▶ **TASK ITEM**
Transcribe the following entries word for word. End with the line where "(forall z, z" appears.

▶ **DATA EXTRACTS**
○ ○ ○

Lemma leb_Blam_fin_num k (lam : R) : leb (Blam k lam) \is a fin_num.
Proof.
rewrite ge0_fin_numE; last by apply: iint_ge0 => x; rewrite lee_fin indic_ge0.
apply: le_lt_trans (leb_le_cube _ _ ltr01 _) (ltry _).
by move=> x [xB _]; exact: unit_ball_sub_cube.
Qed.

Lemma powR_invn_exprn (a : R) n : 0 <= a -> (0 < n)%N -> (a `^ n%:R^-1) ^+ n = a.
Proof.
move=> a_ge0 n_gt0; rewrite -powR_mulrn ?powR_ge0// -powRrM mulVf ?powRr1//.
by rewrite pnatr_eq0 -lt0n.
Qed.

Lemma Blam_m_scaled {k} {lam m : R} : 0 < m -> (m%:E <= leb (Blam k.+1 lam))%E ->
  exists2 s, 0 < s <= 1 /\ s ^+ k.+1 = m / fine (leb (Blam k.+1 lam)) &
    Blam_m k.+1 lam m = Blam_scaled k lam s.
Proof.
move=> m_gt0 m_le; set l := fine _.
have m_le_l : m <= l by rewrite -lee_fin /l fineK ?leb_Blam_fin_num.
have l_gt0 : 0 < l by exact: lt_le_trans m_le_l.
have s_exp : (m / l) `^ k.+1%:R^-1 ^+ k.+1 = m / l.
  by rewrite powR_invn_exprn// divr_ge0// ltW.
exists ((m / l) `^ k.+1%:R^-1) => //; split => //.
rewrite powR_gt0 ?divr_gt0//= -(expr_le1 (_ : 0 < k.+1)%N) ?powR_ge0//.
by rewrite s_exp ler_pdivrMr// mul1r.
Qed.

End Blam_m.

Lemma Rfun_Blam_scaled_bound {R : realType} {k} {lam : R} {g : k.+1.-tuple R -> R} :
  (0 < k)%N -> -1 < lam < 1 ->
  (forall z, z != [tuple of nseq k.+1 0] -> 0 < g z) -> (Rfun g (unit_ball k.+1) < +oo)%E ->
  exists2 C : R, 0 <= C & forall s, 0 < s <= 1 ->
    (Rfun g (Blam_scaled k lam s) <= ((4 * s) ^+ k.+1 * C)%:E)%E.
Proof.
move=> k_gt0 lam_bd g_pos g_fin.
have gp_ge0 : forall z, 0 <= g^\+ z := funrpos_ge0 g.
pose rho : R := k.+1%:R^-1 / 2.
have rho_gt0 : 0 < rho by rewrite divr_gt0 ?invr_gt0 ?ltr0n.
have cube_ball : cube (rho + rho) `<=` unit_ball k.+1.
  apply: cube_sub_unit_ball; rewrite (_ : rho + rho = k.+1%:R^-1); last by rewrite /rho; field.
  by rewrite expr2 mulrA mulfV ?pnatr_eq0// mul1r invf_lt1 ?ltr0n// ltr1n.
pose K := cube_integral g^\+ rho.
pose A := Rfun g^\+ (unit_ball k.+1).
have K_ge0 : (0 <= K)%E := cube_integral_ge0 _ gp_ge0 rho.
have A_ge0 : (0 <= A)%E := Rfun_ge0 _ gp_ge0 _.
have A_fin : A \is a fin_num by rewrite ge0_fin_numE// /A -Rfun_funrpos.
have K_fin : K \is a fin_num.
  by apply: (cube_integral_fin_num _ gp_ge0 _ _ rho_gt0 cube_ball); rewrite -Rfun_funrpos.
exists (fine K + rho ^- k.+1 * fine A) => [|s s_bd].
  by rewrite addr_ge0 ?mulr_ge0 ?fine_ge0// invr_ge0 exprn_ge0// ltW.
rewrite Rfun_funrpos// EFinM EFinD EFinM !fineK//.
exact: Rfun_Blam_scaled_le.
Qed.

Theorem lemma3p2 (R : realType) (n : nat) (lam : R)
    (g : n.-tuple R -> R) (G : R -> R) :
  (2 <= n)%N -> -1 < lam < 1 ->
  R_admissible g -> G_admissible n G ->
  exists c : R, forall m : R, 0 < m -> (m%:E <= leb (Blam n lam))%E ->
    (Rfun g (Blam_m n lam m) <= (c * m)%:E)%E /\
    (Gfun G (Blam_m n lam m) <= (c * m)%:E)%E.
Proof.
case: n g => [//|n] g n_ge2 lam_bd [g_pos [_ g_fin]] [_ [_ [[M G_le] _]]].
have [CR CR_ge0 Rfun_le] := Rfun_Blam_scaled_bound n_ge2 lam_bd g_pos g_fin.
pose M' := Num.max M 0.
have M'_ge0 : 0 <= M' by rewrite le_max lexx orbT.
have G_le' t : 0 < t < 2 -> G t <= M' by move=> t_bd; rewrite le_max G_le.
exists (4 ^+ n.+1 / fine (leb (Blam n.+1 lam)) * (CR + M')) => m m_gt0 m_le.
have [s [s_bd s_exp] ->] := Blam_m_scaled m_gt0 m_le.
have -> : 4 ^+ n.+1 / fine (leb (Blam n.+1 lam)) * (CR + M') * m = (4 * s) ^+ n.+1 * (CR + M').
  by rewrite exprMn s_exp; ring.
have pow_ge0 : 0 <= (4 * s) ^+ n.+1 by case/andP: s_bd => s_gt0 _; rewrite exprn_ge0// mulr_ge0// ltW.
split.
  by apply: le_trans (Rfun_le _ s_bd) _; rewrite lee_fin ler_wpM2l// lerDl.
apply: le_trans (Gfun_Blam_scaled_le _ _ lam_bd s_bd M'_ge0 G_le') _.
by rewrite lee_fin ler_wpM2l// lerDr.
Qed.
(* Let $K=[k_1,\dots,k_m]\subseteq\{1,\dots,n\}$ be an interval of $m$ consecutive integers $k_1<\dots<k_m$, and let $\delta_K=\prod_{1\le i<j\le m}\big(1-\frac{x_{k_i}}{x_{k_j}}\big)\prod_{1\le r<s\le m}\big(1-\frac{1}{x_{k_r}x_{k_s}}\big)$. Then for every $\alpha\in\mathbb Z^m$, $$\mathrm H_G\big(\delta_K\,x_{k_1}^{\alpha_1}\cdots x_{k_m}^{\alpha_m}\big)=u^G_\alpha .$$
   Context: $G\in\{Sp_{2n},SO_{2n},SO_{2n+1}\}$; $h^G_k$ ($k\in\mathbb Z$) are elements of the ring $\Lambda$ of symmetric functions with $h^G_k=s^G_{(k)}$ (Koike–Terada universal character) for $k\ge0$ and $h^G_k=0$ for $k<0$. $\mathrm H_G$ is the $\mathbb Z$-linear map from the Laurent polynomial ring $\mathbb Z[x_1^{\pm1},\dots,x_n^{\pm1}]$ to $\Lambda$ sending $x^\beta=x_1^{\beta_1}\cdots x_n^{\beta_n}$ to $h^G_{\beta_1}h^G_{\beta_2}\cdots h^G_{\beta_n}$ (it is not a ring homomorphism). For $\alpha\in\mathbb Z^m$, $u^G_\alpha$ is the $m\times m$ determinant whose $(i,1)$ entry is $h^G_{\alpha_i-i+1}$ and whose $(i,j)$ entry for $2\le j\le m$ is $h^G_{\alpha_i-i+j}+h^G_{\alpha_i-i-j+2}$. *)

From HB Require Import structures.
From mathcomp Require Import all_boot all_order all_algebra.
From mathcomp Require Import finmap.
From mathcomp.multinomials Require Import monalg freeg.

Set Implicit Arguments.
Unset Strict Implicit.
Unset Printing Implicit Defensive.

Import GRing.Theory.
Local Open Scope ring_scope.

(* The ring of symmetric functions, in Macdonald's presentation         *)
(*   Lambda = Z[h_1, h_2, ...]  (h_r algebraically independent),        *)
(* realised as the integral monoid algebra of commutative monomials in  *)
(* countably many indeterminates y_0, y_1, ...; y_r stands for h_{r+1}. *)
Definition Lam : Type := {malg int[{cmonom nat}]}.

Definition hsym (k : int) : Lam :=
  match k with
  | Posz 0 => 1
  | Posz k'.+1 => mkmalgU (ucm k') 1
  | Negz _ => 0
  end.
Lemma sum_cost_le_APS i : \sum_e c i e <= n%:R * APS c i.
Proof.
have [C_gt0|C_le0] := ltP 0 (\sum_e c i e); last first.
  by apply: le_trans C_le0 _; rewrite mulr_ge0 ?ler0n ?APS_ge0.
rewrite mulrC -ler_pdivrMr ?ltr0n //.
exact: (@APS_ge_weights i (c i) _ (c_ge0 i) C_gt0 (fun S h => h)).
Qed.
End APSBounds.

Section PrefixPartition.
Variables (n m : nat).

Definition partitions_prefix (B : bundles n m) (r : nat) : Prop :=
  forall e : 'I_m, (\sum_j (e \in B j))%N = (e < r)%N.

Lemma partitions_prefix0 : partitions_prefix (@empty_bundles n m) 0.
Proof. by move=> e; rewrite big1 // => j _; rewrite finset.in_set0. Qed.

Lemma partitions_prefix_mem B r j e :
  partitions_prefix B r -> e \in B j -> (e < r)%N.
Proof. by move=> /(_ e) + eBj; rewrite (bigD1 j) //= eBj; case: (e < r)%N. Qed.

Lemma partitions_prefix_fresh B r (r_lt_m : (r < m)%N) j :
  partitions_prefix B r -> Ordinal r_lt_m \notin B j.
Proof.
by move=> B_part; apply/negP => /(partitions_prefix_mem B_part); rewrite ltnn.
Qed.

Lemma partitions_prefix_add_chore B r (r_lt_m : (r < m)%N) k :
  partitions_prefix B r -> partitions_prefix (add_chore B k (Ordinal r_lt_m)) r.+1.
Proof.
move=> B_part e.
have split_mem j : (e \in add_chore B k (Ordinal r_lt_m) j : nat) =
    ((e \in B j) + ((j == k) && (e == Ordinal r_lt_m)))%N.
  rewrite /add_chore; case: (eqVneq j k) => [->|_]; rewrite ?addn0 // finset.in_setU1.
  by case: eqP => [->|_]; rewrite ?(negbTE (partitions_prefix_fresh r_lt_m k B_part)) ?addn0.
rewrite (eq_bigr _ (fun j _ => split_mem j)) big_split /= B_part.
rewrite (bigD1 k) //= eqxx big1 => [|j /negbTE->] //; rewrite addn0 -val_eqE /=.
by rewrite ltnS [in RHS]leq_eqVlt; case: ltngtP.
Qed.

Lemma sum_over_bundles (V : nmodType) (B : bundles n m) r (w : 'I_m -> V) :
  partitions_prefix B r ->
  \sum_j \sum_(e in B j) w e = \sum_(e : 'I_m | (e < r)%N) w e.
Proof.
move=> B_part.
rewrite (eq_bigr (fun j => \sum_e w e *+ (e \in B j))) => [|j _]; last first.
  by rewrite big_mkcond; apply: eq_bigr => e _; case: (e \in B j).
rewrite exchange_big [RHS]big_mkcond; apply: eq_bigr => e _.
by rewrite sumrMnr B_part; case: (e < r)%N.
Qed.
End PrefixPartition.

Section Rotation.
Variables (R : realType) (n m : nat) (c : 'I_n -> 'I_m -> R).

Lemma rotate_step_partitions B B' r :
  rotate_step c B B' -> partitions_prefix B r -> partitions_prefix B' r.
Proof.
(* [next s] fixes the agents off [s], so [B'] is [B] composed with the
   permutation [next s]. *)
move=> [s [_ s_uniq _ ->]] B_part e; rewrite -B_part.
rewrite [RHS](reindex_inj (can_inj (prev_next s_uniq))) /=.
by apply: eq_bigr => j _; case: ifP => // j_s; rewrite next_nth j_s.
Qed.

Lemma rotate_step_cost_le B B' i :
  rotate_step c B B' -> cost c i (B' i) <= cost c i (B i).
Proof.
move=> [s [_ _ s_cycle ->]] /=; case: ifP => // i_s.
exact: ltW (next_cycle s_cycle i_s).
Qed.

Lemma rotate_until_acyclic_partitions B B' r :
  rotate_until_acyclic c B B' -> partitions_prefix B r -> partitions_prefix B' r.
Proof. by elim=> // B0 B1 B2 step _ IH /(rotate_step_partitions step). Qed.

Lemma rotate_until_acyclic_cost_le B B' i :
  rotate_until_acyclic c B B' -> cost c i (B' i) <= cost c i (B i).
Proof.
by elim=> // B0 B1 B2 step _ IH; apply: le_trans IH (rotate_step_cost_le i step).
Qed.
End Rotation.
Lemma fine_strongly_convex x y l : X x -> X y -> 0 <= l <= 1 ->
  fine (h (l *: x + (1 - l) *: y)) <=
  l * fine (h x) + (1 - l) * fine (h y) - l * (1 - l) / 2 * nrm (x - y) ^+ 2.
Proof.
move=> Xx Xy l01; have Xz := convex_set_combine X_convex Xx Xy l01.
have := h_sc Xx Xy l01.
rewrite -(fineK (h_fin Xz)) -(fineK (h_fin Xx)) -(fineK (h_fin Xy)).
by rewrite -!EFinM -EFinD -lee_fin.
Qed.

Lemma eps_argmin_growth A e w y l : eps_argmin X (F A) e w -> X y -> 0 <= l <= 1 ->
  l * (1 - l) / (2 * eta) * nrm (y - w) ^+ 2 - e <= l * (F A y - F A w).
Proof.
move=> [Xw wmin] Xy l01.
have Fz : F A (l *: y + (1 - l) *: w) <=
    l * F A y + (1 - l) * F A w - l * (1 - l) / (2 * eta) * nrm (y - w) ^+ 2.
  have := fine_strongly_convex Xy Xw l01.
  have ieta_gt0 : 0 < eta^-1 by rewrite invr_gt0.
  rewrite -(ler_pM2r ieta_gt0) => hz.
  rewrite /dda_obj dotDr !dotZr; apply: le_trans (lerD (lexx _) hz) _.
  rewrite le_eqVlt invfM; apply/orP; left; apply/eqP.
  by field; rewrite gt_eqF.
by have := wmin _ (convex_set_combine X_convex Xy Xw l01); lra.
Qed.

Lemma eps_argmin_stable A A' e d K w w' :
  eps_argmin X (F A) e w -> eps_argmin X (F A') e w' ->
  0 <= K -> (forall v, dot (A' - A) v <= K * nrm v) ->
  0 < d -> 8 * eta * e <= d ^+ 2 ->
  nrm (w - w') <= eta * K + d.
Proof.
move=> wmin w'min K_ge0 AK d_gt0 ed.
apply: (@le_of_quadratic_growth _ _ (2 * eta * e)) => //.
- by rewrite mulr_ge0 // ltW.
- lra.
- exact: nrm_ge0.
move=> l l01; set D := nrm (w - w').
have g1 := eps_argmin_growth wmin w'min.1 l01; rewrite (nrmB nrm_norm) -/D in g1.
have g2 := eps_argmin_growth w'min wmin.1 l01.
have cross : F A w' - F A w + (F A' w - F A' w') = dot (A' - A) (w - w').
  by rewrite /dda_obj dotBl !dotBr; ring.
have lK : l * dot (A' - A) (w - w') <= l * (K * D).
  by apply: ler_wpM2l; [case/andP: l01 | exact: AK].
rewrite -cross in lK.
have qE : l * (1 - l) * D ^+ 2 = 2 * eta * (l * (1 - l) / (2 * eta) * D ^+ 2).
  by field; rewrite gt_eqF.
rewrite qE; set q := _ * D ^+ 2 in g1 g2 *.
have : eta * (2 * q - 2 * e) <= eta * (l * (K * D)).
  by apply: ler_wpM2l; [exact: ltW | lra].
lra.
Qed.
(* Two lines with equal slopes and residuals at most K B1, K B2 at a common
   point coincide when 2 K B1 B2 < 1: then C1 B2 - C2 B1 = e1 B2 - e2 B1 is
   an integer of absolute value below 1. *)
Lemma parallel_lines_coincide L1 L2 th w K :
  is_line L1 -> is_line L2 ->
  (ln_A L1 * ln_B L2 = ln_A L2 * ln_B L1)%Z ->
  Rabs (residual L1 th w) <= K * IZR (ln_B L1) ->
  Rabs (residual L2 th w) <= K * IZR (ln_B L2) ->
  2 * K * IZR (ln_B L1) * IZR (ln_B L2) < 1 ->
  L1 = L2.
Proof.
  intros hL1 hL2 hA he1 he2 hK.
  pose proof (IZR_lt _ _ (proj1 hL1)) as hB1.
  pose proof (IZR_lt _ _ (proj1 hL2)) as hB2.
  apply line_eq; auto.
  enough (ln_C L1 * ln_B L2 - ln_C L2 * ln_B L1 = 0)%Z by lia.
  apply IZR_abs_lt_1.
  apply (f_equal IZR) in hA. rewrite !mult_IZR in hA.
  replace (IZR (ln_C L1 * ln_B L2 - ln_C L2 * ln_B L1))
    with (residual L1 th w * IZR (ln_B L2) - residual L2 th w * IZR (ln_B L1))
    by (unfold residual; rewrite minus_IZR, !mult_IZR;
        assert (th * (IZR (ln_A L1) * IZR (ln_B L2)) = th * (IZR (ln_A L2) * IZR (ln_B L1)))
          by (rewrite hA; reflexivity);
        lra).
  unfold Rminus. eapply Rle_lt_trans; [apply Rabs_triang|].
  rewrite Rabs_Ropp, !Rabs_mult, !(Rabs_pos_eq (IZR (ln_B _))) by lra.
  assert (Rabs (residual L1 th w) * IZR (ln_B L2) <= K * IZR (ln_B L1) * IZR (ln_B L2))
    by (apply Rmult_le_compat_r; lra).
  assert (Rabs (residual L2 th w) * IZR (ln_B L1) <= K * IZR (ln_B L2) * IZR (ln_B L1))
    by (apply Rmult_le_compat_r; lra).
  lra.
Qed.

(* Cramer's rule with errors: if A_i theta - B_i w + C_i = e_i, the
   intersection point (X/D, Y/D) of the two lines satisfies
   (theta - X/D) D = e1 B2 - e2 B1 and (w - Y/D) D = A2 e1 - A1 e2. *)
Lemma cramer_errors A1 B1 C1 A2 B2 C2 th w : A1 * B2 - A2 * B1 <> 0 ->
  (th - (B1 * C2 - C1 * B2) / (A1 * B2 - A2 * B1)) * (A1 * B2 - A2 * B1)
    = (A1 * th - B1 * w + C1) * B2 - (A2 * th - B2 * w + C2) * B1 /\
  (w - (A1 * C2 - A2 * C1) / (A1 * B2 - A2 * B1)) * (A1 * B2 - A2 * B1)
    = A2 * (A1 * th - B1 * w + C1) - A1 * (A2 * th - B2 * w + C2).
Proof. intros hD. split; field; exact hD. Qed.

Lemma residual_combinations_le e1 e2 A1 A2 B1 B2 K a1 a2 : 0 < B1 -> 0 < B2 ->
  Rabs e1 <= K * B1 -> Rabs e2 <= K * B2 -> Rabs A1 <= a1 -> Rabs A2 <= a2 ->
  Rabs (e1 * B2 - e2 * B1) <= 2 * K * B1 * B2 /\
  Rabs (A2 * e1 - A1 * e2) <= K * (a1 * B2 + a2 * B1).
Proof.
  intros hB1 hB2 he1 he2 ha1 ha2. unfold Rminus. split.
  - eapply Rle_trans; [apply Rabs_triang|].
    rewrite Rabs_Ropp, !Rabs_mult, (Rabs_pos_eq B1), (Rabs_pos_eq B2) by lra.
    assert (Rabs e1 * B2 <= K * B1 * B2) by (apply Rmult_le_compat_r; lra).
    assert (Rabs e2 * B1 <= K * B2 * B1) by (apply Rmult_le_compat_r; lra).
    lra.
  - eapply Rle_trans; [apply Rabs_triang|].
    rewrite Rabs_Ropp, !Rabs_mult.
    assert (Rabs A2 * Rabs e1 <= a2 * (K * B1))
      by (apply Rmult_le_compat; try apply Rabs_pos; lra).
    assert (Rabs A1 * Rabs e2 <= a1 * (K * B2))
      by (apply Rmult_le_compat; try apply Rabs_pos; lra).
    lra.
Qed.

(* Two non-parallel lines with residuals at most K B1, K B2 at (theta, w)
   meet at a rational point Q approximating (theta, w) to the precision
   required in C, with denominator at most M = a1 B2 + a2 B1, where a_i
   bounds |A_i|: the errors of Q, scaled by |D| >= q_Q, are the residual
   combinations above. *)
Lemma intersection_approximation L1 L2 th w K a1 a2 c s t :
  is_line L1 -> is_line L2 ->
  (ln_A L1 * ln_B L2 - ln_A L2 * ln_B L1 <> 0)%Z -> 0 <= s -> 0 <= t ->
  Rabs (residual L1 th w) <= K * IZR (ln_B L1) ->
  Rabs (residual L2 th w) <= K * IZR (ln_B L2) ->
  Rabs (IZR (ln_A L1)) <= a1 -> Rabs (IZR (ln_A L2)) <= a2 ->
  let M := a1 * IZR (ln_B L2) + a2 * IZR (ln_B L1) in
  2 * K * IZR (ln_B L1) * IZR (ln_B L2) * Rpower M s < c ->
  K * Rpower M (1 + t) < c ->
  exists Q, is_ratpt Q /\ IZR (pt_q Q) <= M /\
    Rabs (th - IZR (pt_p Q) / IZR (pt_q Q)) < c / Rpower (IZR (pt_q Q)) (1 + s) /\
    Rabs (w - IZR (pt_r Q) / IZR (pt_q Q)) < c / Rpower (IZR (pt_q Q)) (1 + t).
Proof.
  intros hL1 hL2 hD hs ht he1 he2 ha1 ha2 M hxc hyc.
  pose proof (IZR_lt _ _ (proj1 hL1)) as hB1.
  pose proof (IZR_lt _ _ (proj1 hL2)) as hB2.
  destruct (ratpt_of_fractions
              (ln_B L1 * ln_C L2 - ln_C L1 * ln_B L2)
              (ln_A L1 * ln_B L2 - ln_A L2 * ln_B L1)
              (ln_A L1 * ln_C L2 - ln_A L2 * ln_C L1) hD) as [Q [hQ [hqD [hx hy]]]].
  exists Q. rewrite hx, hy.
  pose proof (IZR_abs_ge_1 _ hD) as hD1.
  pose proof (IZR_pos_ge_1 _ (proj1 hQ)) as hq1.
  rewrite !minus_IZR, !mult_IZR in *. unfold residual in *.
  assert (hD0 : IZR (ln_A L1) * IZR (ln_B L2) - IZR (ln_A L2) * IZR (ln_B L1) <> 0)
    by (intro h0; rewrite h0, Rabs_R0 in hD1; lra).
  destruct (cramer_errors (IZR (ln_A L1)) (IZR (ln_B L1)) (IZR (ln_C L1))
              (IZR (ln_A L2)) (IZR (ln_B L2)) (IZR (ln_C L2)) th w hD0) as [ex ey].
  destruct (residual_combinations_le _ _ _ _ _ _ K a1 a2 hB1 hB2 he1 he2 ha1 ha2)
    as [hcx hcy].
  rewrite <- ex in hcx. rewrite <- ey in hcy. rewrite Rabs_mult in hcx, hcy.
  set (D := IZR (ln_A L1) * IZR (ln_B L2) - IZR (ln_A L2) * IZR (ln_B L1)) in *.
  assert (hDM : Rabs D <= M).
  { unfold D, M, Rminus. eapply Rle_trans; [apply Rabs_triang|].
    rewrite Rabs_Ropp, !Rabs_mult, !(Rabs_pos_eq (IZR (ln_B _))) by lra.
    apply Rplus_le_compat; apply Rmult_le_compat_r; lra. }
  split; [exact hQ|]. split; [lra|]. split.
  - apply (error_rescale _ (Rabs D) _ M (2 * K * IZR (ln_B L1) * IZR (ln_B L2)));
      try apply Rabs_pos; lra.
  - apply (error_rescale _ (Rabs D) _ M (K * M)); try apply Rabs_pos; try lra.
    + fold M in hcy. lra.
    + rewrite Rpower_succ in hyc; [lra|]. pose proof (Rabs_pos D). lra.
Qed.

Lemma ln_div x y : 0 < x -> 0 < y -> ln (x / y) = ln x - ln y.
Proof.
  intros. unfold Rdiv. rewrite ln_mult, ln_Rinv; try lra.
  apply Rinv_0_lt_compat; lra.
Qed.

Lemma ln_constants :
  0 < ln 2 /\ ln 16 = 4 * ln 2 /\ ln 5 < 3 * ln 2.
Proof.
  assert (l2 : 0 < ln 2) by (rewrite <- ln_1; apply ln_increasing; lra).
  assert (lp : forall n, ln (2 ^ n) = INR n * ln 2) by (intro; apply ln_pow; lra).
  split; [exact l2|]. split.
  - replace 16 with (2 ^ 4) by ring. rewrite lp. simpl. ring.
  - replace (3 * ln 2) with (ln (2 ^ 3)) by (rewrite lp; simpl; ring).
    apply ln_increasing; lra.
Qed.

Lemma level_exponent_bound t K0 : 0 < t -> t <= 1 -> 2 <= K0 ->
  K0 + 1 + (2 + (1 - t)) * (1 / (t * (1 + t)))
   - (2 + (1 - t) - (1 - t) ^ 2) * (3 / t ^ 2 + (K0 - 1) * (1 / (t * (1 + t))))
  <= -3.
Proof.
  intros ht ht1 hk.
  replace ((2 + (1 - t) - (1 - t) ^ 2) * (3 / t ^ 2 + (K0 - 1) * (1 / (t * (1 + t)))))
    with (3 * (1 + t) * (2 - t) / t ^ 2 + (K0 - 1) * ((2 - t) / t)) by (field; lra).
  replace ((2 + (1 - t)) * (1 / (t * (1 + t)))) with ((3 - t) / (t * (1 + t)))
    by (field; lra).
  assert (h1 : K0 - 1 <= (K0 - 1) * ((2 - t) / t)).
  { assert (1 <= (2 - t) / t).
    { apply (Rmult_le_reg_r t); [lra|].
      replace ((2 - t) / t * t) with (2 - t) by (field; lra). lra. }
    nra. }
  assert (h2 : 5 + (3 - t) / (t * (1 + t)) - 3 * (1 + t) * (2 - t) / t ^ 2 <= 0).
  { replace (5 + (3 - t) / (t * (1 + t)) - 3 * (1 + t) * (2 - t) / t ^ 2)
      with ((8 * t ^ 3 + 4 * t ^ 2 - 6 * t - 6) * / (t ^ 2 * (1 + t))) by (field; lra).
    assert (t ^ 3 <= t) by (simpl; nra). assert (t ^ 2 <= t) by (simpl; nra).
    assert (0 < / (t ^ 2 * (1 + t)))
      by (apply Rinv_0_lt_compat, Rmult_lt_0_compat; [apply pow_lt|]; lra).
    nra. }
  lra.
Qed.

(* Estimates for two points of a level C_(n,k), k >= 2, with H = H_(n+1),
   K0 = k, mu = 1/(t(1+t)), Z = H^(t/(1+t)) R^(-3/t^2 - (K0-1) mu):
   their line coefficients satisfy Z <= B_i < Z R^mu and their
   denominators q_i <= H / Z.  With K = 5 c R^(K0+1) / H (a bound for the
   residuals, divided by B) and M = q1^(1-t) B2 + q2^(1-t) B1 (a bound for
   the determinant of the two lines), all the smallness conditions of the
   proof follow by comparing logarithms. *)
Section LevelNumerics.
Variables (R H t c K0 q1 q2 B1 B2 : R).
Hypotheses (hR : 16 < R) (ht : 0 < t) (ht1 : t <= 1) (hK0 : 2 <= K0)
  (hc : 0 < c) (hc8 : c <= / 8 * Rpower R (-2 - 3 / t ^ 2)) (hH : 1 < H).

Let mu := 1 / (t * (1 + t)).
Let Z := Rpower H (t / (1 + t)) * Rpower R (- (3 / t ^ 2) - (K0 - 1) * mu).
Let K := 5 * c * Rpower R (K0 + 1) / H.
Let M := Rpower q1 (1 - t) * B2 + Rpower q2 (1 - t) * B1.
Let W := Rpower (H / Z) (1 - t) * (Z * Rpower R mu).

Hypotheses (hB1 : 0 < B1 < Z * Rpower R mu) (hB2 : 0 < B2 < Z * Rpower R mu)
  (hq1 : 0 < q1 <= H / Z) (hq2 : 0 < q2 <= H / Z).

Lemma Z_pos : 0 < Z.
Proof. apply Rmult_lt_0_compat; apply Rpower_pos. Qed.

Lemma ln_Z : ln Z = t / (1 + t) * ln H - (3 / t ^ 2 + (K0 - 1) * mu) * ln R.
Proof.
  unfold Z. rewrite ln_mult, !ln_Rpower by apply Rpower_pos. ring.
Qed.

Lemma ln_B_lt B : 0 < B < Z * Rpower R mu -> ln B < ln Z + mu * ln R.
Proof.
  intros hB. rewrite <- ln_Rpower, <- ln_mult by (apply Z_pos || apply Rpower_pos).
  apply ln_increasing; lra.
Qed.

○ ○ ○

▶ **RESULT OF THE TASK**
Lemma leb_Blam_fin_num k (lam : R) : leb (Blam k lam) \is a fin_num.
Proof.
rewrite ge0_fin_numE; last by apply: iint_ge0 => x; rewrite lee_fin indic_ge0.
apply: le_lt_trans (leb_le_cube _ _ ltr01 _) (ltry _).
by move=> x [xB _]; exact: unit_ball_sub_cube.
Qed.

Lemma powR_invn_exprn (a : R) n : 0 <= a -> (0 < n)%N -> (a `^ n%:R^-1) ^+ n = a.
Proof.
move=> a_ge0 n_gt0; rewrite -powR_mulrn ?powR_ge0// -powRrM mulVf ?powRr1//.
by rewrite pnatr_eq0 -lt0n.
Qed.

Lemma Blam_m_scaled {k} {lam m : R} : 0 < m -> (m%:E <= leb (Blam k.+1 lam))%E ->
  exists2 s, 0 < s <= 1 /\ s ^+ k.+1 = m / fine (leb (Blam k.+1 lam)) &
    Blam_m k.+1 lam m = Blam_scaled k lam s.
Proof.
move=> m_gt0 m_le; set l := fine _.
have m_le_l : m <= l by rewrite -lee_fin /l fineK ?leb_Blam_fin_num.
have l_gt0 : 0 < l by exact: lt_le_trans m_le_l.
have s_exp : (m / l) `^ k.+1%:R^-1 ^+ k.+1 = m / l.
  by rewrite powR_invn_exprn// divr_ge0// ltW.
exists ((m / l) `^ k.+1%:R^-1) => //; split => //.
rewrite powR_gt0 ?divr_gt0//= -(expr_le1 (_ : 0 < k.+1)%N) ?powR_ge0//.
by rewrite s_exp ler_pdivrMr// mul1r.
Qed.

End Blam_m.

Lemma Rfun_Blam_scaled_bound {R : realType} {k} {lam : R} {g : k.+1.-tuple R -> R} :
  (0 < k)%N -> -1 < lam < 1 ->
  (forall z, z != [tuple of nseq k.+1 0] -> 0 < g z) -> (Rfun g (unit_ball k.+1) < +oo)%E ->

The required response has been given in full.